Human Rights Activists News Agency (HRANA) – On Sunday, August 26, 2018, Mohammad Habibi’s medical leave from prison was cut short when he was returned to detention before receiving adequate care.

The union activist and member of the board of directors of the Teachers’ Union Association of the Province of Tehran was being treated at Imam Khomeini Hospital. He was recently sentenced to a ten-year prison term and 74 lashings.

Sedigheh Pakzamir, a close associate of Habibi, stated in an online post that it took 45 days for prison authorities to act on the order for Habibi to be transferred to an outside medical clinic. When they finally carried out the order — which stipulates that Habibi receive medical attention — he was returned to the prison without receiving any.

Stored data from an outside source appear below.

(* Minimality against smaller [k] gives the upper Hall condition on the
   block [0, e) (shifted by 3/2 (d - e)), whose lower one comes from V^a(1,d). *)
Lemma low_block_repr e : strictly_dominant chi -> in_Va1 a chi -> (e <= d)%N ->
  (forall k, (k <= e)%N -> potential e <= potential k) ->
  zono_repr e (fun i => coords chi i + 3/2 * (d%:R - e%:R)) (- (half_a R a + 1)) (- half_a R a).
Proof.
move=> hsd hv hed hmin; apply: hall_zono_repr.
- by move=> i j hij hj; have := coords_nondecr hsd hij (leq_trans hj hed); lra.
- move=> p hp; rewrite sum_addc // subr0.
  by have := Va1_lower_hall hv (leq_trans hp hed); rewrite /slack; lra.
- move=> p hp; rewrite sum_addc // sum_nat_tail //.
  by have := hmin p hp; rewrite /potential /slack; lra.
Qed.

(* Strict minimality against larger [k] gives the strict lower Hall condition
   on the block [e, d) (shifted by -3/2 e), whose upper one comes from V^a(1,d). *)
Lemma high_block_repr e : strictly_dominant chi -> in_Va1 a chi -> (e <= d)%N ->
  (forall k, (e < k)%N -> (k <= d)%N -> potential e < potential k) ->
  zono_repr_strict (d - e) (fun i => coords chi (e + i) - 3/2 * e%:R) (- half_a R a) (half_a R a).
Proof.
move=> hsd hv hed hmin; apply: hall_zono_repr_strict.
- by move=> i j hij hj; have := @coords_nondecr R d chi hsd (e + i) (e + j) ltac:(lia) ltac:(lia); lra.
- move=> p hp0 hp; rewrite (sum_addc (fun i => coords chi (e + i))) // subr0 shift_sum addn0.
  rewrite (@sum_nat_tail _ (coords chi) e (e + p)); last by lia.
  have := hmin (e + p)%N ltac:(lia) ltac:(lia).
  by rewrite /potential /slack natrD natrB //; lra.
- move=> p hp; rewrite (sum_addc (fun i => coords chi (e + i))) // shift_sum.
  have -> : (e + (d - e) = d)%N by lia.
  have := Va1_upper_hall hv (p := (e + p)%N) ltac:(lia).
  by rewrite /slack natrD natrB //; lra.
Qed.
(* Let $k\ge1$, let $\lambda,\lambda_1$ be functions $\mathfrak U\to\mathbb N$ with $\lambda(\mathcal U)^k\le\lambda_1(\mathcal U)<|\mathcal U|$ for all $\mathcal U\in\mathfrak U$, and let $R$ be a $k$-place relation such that for each $\mathcal U$, $R[\mathcal U]$ is a relation on a set $A[\mathcal U]\subseteq\mathcal U$ with $|A[\mathcal U]|\le\lambda(\mathcal U)$. Then $Q_R\le_{\mathrm{exp}}Q^{1-1}_{\lambda_1}$.
   Context: Framework: $\mathfrak U$ is a fixed nonempty family of finite sets. A relation $R$ of arity $k$ assigns to each $\mathcal U\in\mathfrak U$ a $k$-place relation $R[\mathcal U]$ on $\mathcal U$. A class $K$ assigns to each $\mathcal U$ a set $K[\mathcal U]$ of $n(K)$-place relations on $\mathcal U$ closed under permutations of $\mathcal U$; $\exists_K=Q_K$ is the second-order quantifier ranging over $K[\mathcal U]$; $Q_R$ is $Q_{K_R}$ where $K_R[\mathcal U]$ is the set of images of $R[\mathcal U]$ under permutations of $\mathcal U$. $Q_{K_1}\le_{\mathrm{exp}}Q_{K_2}$ (expressibility) means there is a formula $\varphi(x_0,\dots,x_{n(K_1)-1},S_0,\dots,S_{m-1})$ of first-order logic extended by the quantifier $Q_{K_2}$, the same for all $\mathcal U\in\mathfrak U$, such that for every $\mathcal U$ and every $R'\in K_1[\mathcal U]$ there are $S_0,\dots,S_{m-1}\in K_2[\mathcal U]$ with $R'=\{\bar a:(\mathcal U,\bar S)\models\varphi(\bar a)\}$. $Q^{1-1}_{\lambda_1}$ is the quantifier over graphs of partial one-to-one functions $f$ from $\mathcal U$ to $\mathcal U$ with $|\mathrm{dom}(f)|=\lambda_1(\mathcal U)$. *)

From mathcomp Require Import all_boot perm.
Set Implicit Arguments. Unset Strict Implicit. Unset Printing Implicit Defensive.

(* A universe is a finite type T.  A class K of arity n assigns to each universe a set
   of n-place relations. *)

Definition perm_rel (T : finType) n (s : {perm T}) (r : {set n.-tuple T})
  : {set n.-tuple T} := [set map_tuple s t | t in r].

Definition QR_class (T : finType) n (r : {set n.-tuple T})
  : {set {set n.-tuple T}} := [set perm_rel s r | s : {perm T}].

Definition Q11_class (T : finType) (l1 : nat) : {set {set 2.-tuple T}} :=
  [set G : {set 2.-tuple T} | [exists D : {set T}, exists f : {ffun T -> T},
       [&& [forall x in D, forall y in D, (f x == f y) ==> (x == y)],
           #|D| == l1 &
           G == [set [tuple x; f x] | x in D]]]].

(* Syntax of first-order logic (with equality) over relation variables of
   arity n, extended by the second-order quantifier Q_K ranging over the
   n-place relations of K.  De Bruijn indices: FEx binds individual
   variable 0, FQ binds relation variable 0. *)
Inductive form (n : nat) : Type :=
| FEq : nat -> nat -> form n
| FRel : nat -> n.-tuple nat -> form n
| FNot : form n -> form n
| FAnd : form n -> form n -> form n
| FEx : form n -> form n
| FQ : form n -> form n.
Arguments FEq {n}. Arguments FRel {n}. Arguments FNot {n}.
Arguments FAnd {n}. Arguments FEx {n}. Arguments FQ {n}.

(* Satisfaction; e = individual environment, eS = relation environment.
   Out-of-range variables make atoms false. *)
Fixpoint sat (T : finType) n (K : {set {set n.-tuple T}})
  (e : seq T) (eS : seq {set n.-tuple T}) (phi : form n) : Prop :=
  match phi with
  | FEq i j => match onth e i, onth e j with
               | Some a, Some b => a = b | _, _ => False end
  | FRel s args => match onth eS s with
               | Some Sr => exists t : n.-tuple T,
                   map Some (tval t) = map (onth e) (tval args) /\ t \in Sr
               | None => False end
  | FNot p => ~ sat K e eS p
  | FAnd p q => sat K e eS p /\ sat K e eS q
  | FEx p => exists a : T, sat K (a :: e) eS p
  | FQ p => exists Sr, Sr \in K /\ sat K e (Sr :: eS) p
  end.

(* Q_{K1} <=_exp Q_{K2}: one formula phi(x_0..x_{n1-1}, S_0..S_{m-1}) of
   FO + Q_{K2}, uniform over the family, defining every R' in K1[U] from
   suitable S_j in K2[U].  x_i is individual variable i, S_j relation
   variable j. *)
Definition expressible (I : Type) (U : I -> finType) n1 n2
  (K1 : forall i, {set {set n1.-tuple (U i)}})
  (K2 : forall i, {set {set n2.-tuple (U i)}}) : Prop :=
  exists (m : nat) (phi : form n2),
    forall i, forall R' : {set n1.-tuple (U i)}, R' \in K1 i ->
      exists S : m.-tuple {set n2.-tuple (U i)},
        (forall j : 'I_m, tnth S j \in K2 i) /\
        forall a : n1.-tuple (U i),
          a \in R' <-> sat (K2 i) (tval a) (tval S) phi.

From mathcomp Require Import all_boot perm.
Set Implicit Arguments. Unset Strict Implicit. Unset Printing Implicit Defensive.

(* A permuted copy R' of R has |R'| = |R| <= |A|^k <= lam^k <= lam1 < |U|, so the
   tuples of R' can be coded injectively by points of U.  For each coordinate j take
   three partial injections with domains of size lam1: M_j, whose fixed points
   are exactly the j-th coordinates of tuples of R'; E_j, sending such a
   coordinate x to the code of some tuple t with t_j = x; and S_j, sending the
   code of t to the code of the next tuple in a cyclic listing of the tuples
   sharing the j-th coordinate of t.  Then a is in R' iff some code c satisfies,
   for every j, "a_j is fixed by M_j and c is S_j-reachable from E_j(a_j)".
   Reachability is expressible with Q^{1-1}_lam1: c is reachable from d iff c is
   fixed by every partial injection with domain of size lam1 whose fixed points
   contain d and are closed under S_j.  For the nontrivial direction, test with
   a partial injection whose fixed points are exactly the codes on one S_j-cycle;
   it exists because that cycle has at most lam1 < |U| points. *)

Lemma leq_card_embedding (aT rT : finType) (y0 : rT) (A : {set aT}) (B : {set rT}) :
  #|A| <= #|B| ->
  exists2 h : aT -> rT, {in A &, injective h} & {in A, forall x, h x \in B}.
Proof.
move=> leAB; pose h x := nth y0 (enum B) (index x (enum A)).
have idx_lt x : x \in A -> index x (enum A) < size (enum B).
  by move=> xA; rewrite -cardE (leq_trans _ leAB) // cardE index_mem mem_enum.
exists h => [x1 x2 x1A x2A /eqP|x xA]; last by rewrite -mem_enum mem_nth ?idx_lt.
rewrite /h nth_uniq ?enum_uniq ?idx_lt // => /eqP/(congr1 (nth x1 (enum A))).
by rewrite !nth_index ?mem_enum.
Qed.

Lemma onth_tuple (X : Type) n (t : n.-tuple X) (i : 'I_n) : onth t i = Some (tnth t i).
Proof. by rewrite onthE (nth_map (tnth t i)) ?size_tuple // -tnth_nth. Qed.

Lemma next_fixed_eq (T : finType) (p : seq T) x y :
  uniq p -> x \in p -> y \in p -> next p x = x -> y = x.
Proof.
move=> p_uniq px py fix_x.
have := fconnect_cycle (cycle_next p_uniq) px y; rewrite py.
by move/iter_findex <-; apply: iter_fix.
Qed.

Pakzamir added that Habibi is symptomatic for lung and urinary tract infections. As such, the doctor recommended he undergo a battery of specialized medical tests, including a sonography, on Monday.

Fatemeh Saeidi, Member of Iran’s Parliament (representing Tehran) and of the Parliament’s Education and Research Commission, previously stated that Habibi was being held in a ward housing violent criminals, and that a letter outlining his predicament containing a request for his sentence to be reduced was signed by a number of Parliament representatives and addressed to the head of the Judiciary.

On August 4, 2018, Habibi’s attorney Amir Raeisiyan reported that his client was sentenced to ten and a half years’ imprisonment. Given that the maximum cumulative prison sentence for all of Habibi’s charges would be seven and a half years, he cannot be required to serve longer. Habibi was subjected to the additional penalties of 74 lashings, a two-year ban on civic activities, and a two-year travel ban.

Prior to this, the International Trade Union Confederation issued a letter to the Islamic Republic in objection to Habibi’s heavy sentence, demanding his immediate and unconditional release. Education International, a teachers’ union federation, has also protested the verdict and demanded Habibi’s release.

In a statement, the Council for Coordination of Teaching Syndicates protested Habibi’s sentence, calling it a litmus test for the justice meted by the Iranian Judiciary. This council demanded the immediate and unconditional release of Habibi, stating, “It is as if the judge intended with his verdict to put society on guard, sending the message that if you pursue justice, you will face prison and lashings.”

On July 16, 2018, over 100 teachers, all alumni of Shahid Rajai University, met with a Mr. Abdi, the Minister of Education’s advisor in Union Affairs, and delivered him a letter in defense of Mohammad Habibi. In the letter, the signatories expressed “great concerns regarding Mr. Habibi’s health”, and requested he be transferred to Evin Prison in accordance with his charges. It also implored the Ministry of Education to pursue the demands of the letter to the furthest degree possible, and to keep the signatories and Habibi’s family abreast of their findings.

A letter signed by 6,500 teachers and civil society activists demanding the release of Mohammad Habibi was delivered to Iranian Parliament on July 25, 2018.

On May 10, 2018, the Council for Coordination of Teaching Syndicates urged teachers, be they retired or employed, to assemble in protest across the country. In Tehran, several of those who responded to the call were arrested and transferred to Evin Prison; all but Mr. Habibi were released on bail three days later.
Mohammad Habibi was previously arrested at his place of employment on March 3, 2018 and jailed for 44 days. On April 15, 2018, he was released on a bail of approximately $50,000 USD.

Mohammad Habibi is currently imprisoned in Tehran’s Evin Prison, and according to a letter from his HR office, is no longer receiving his salary.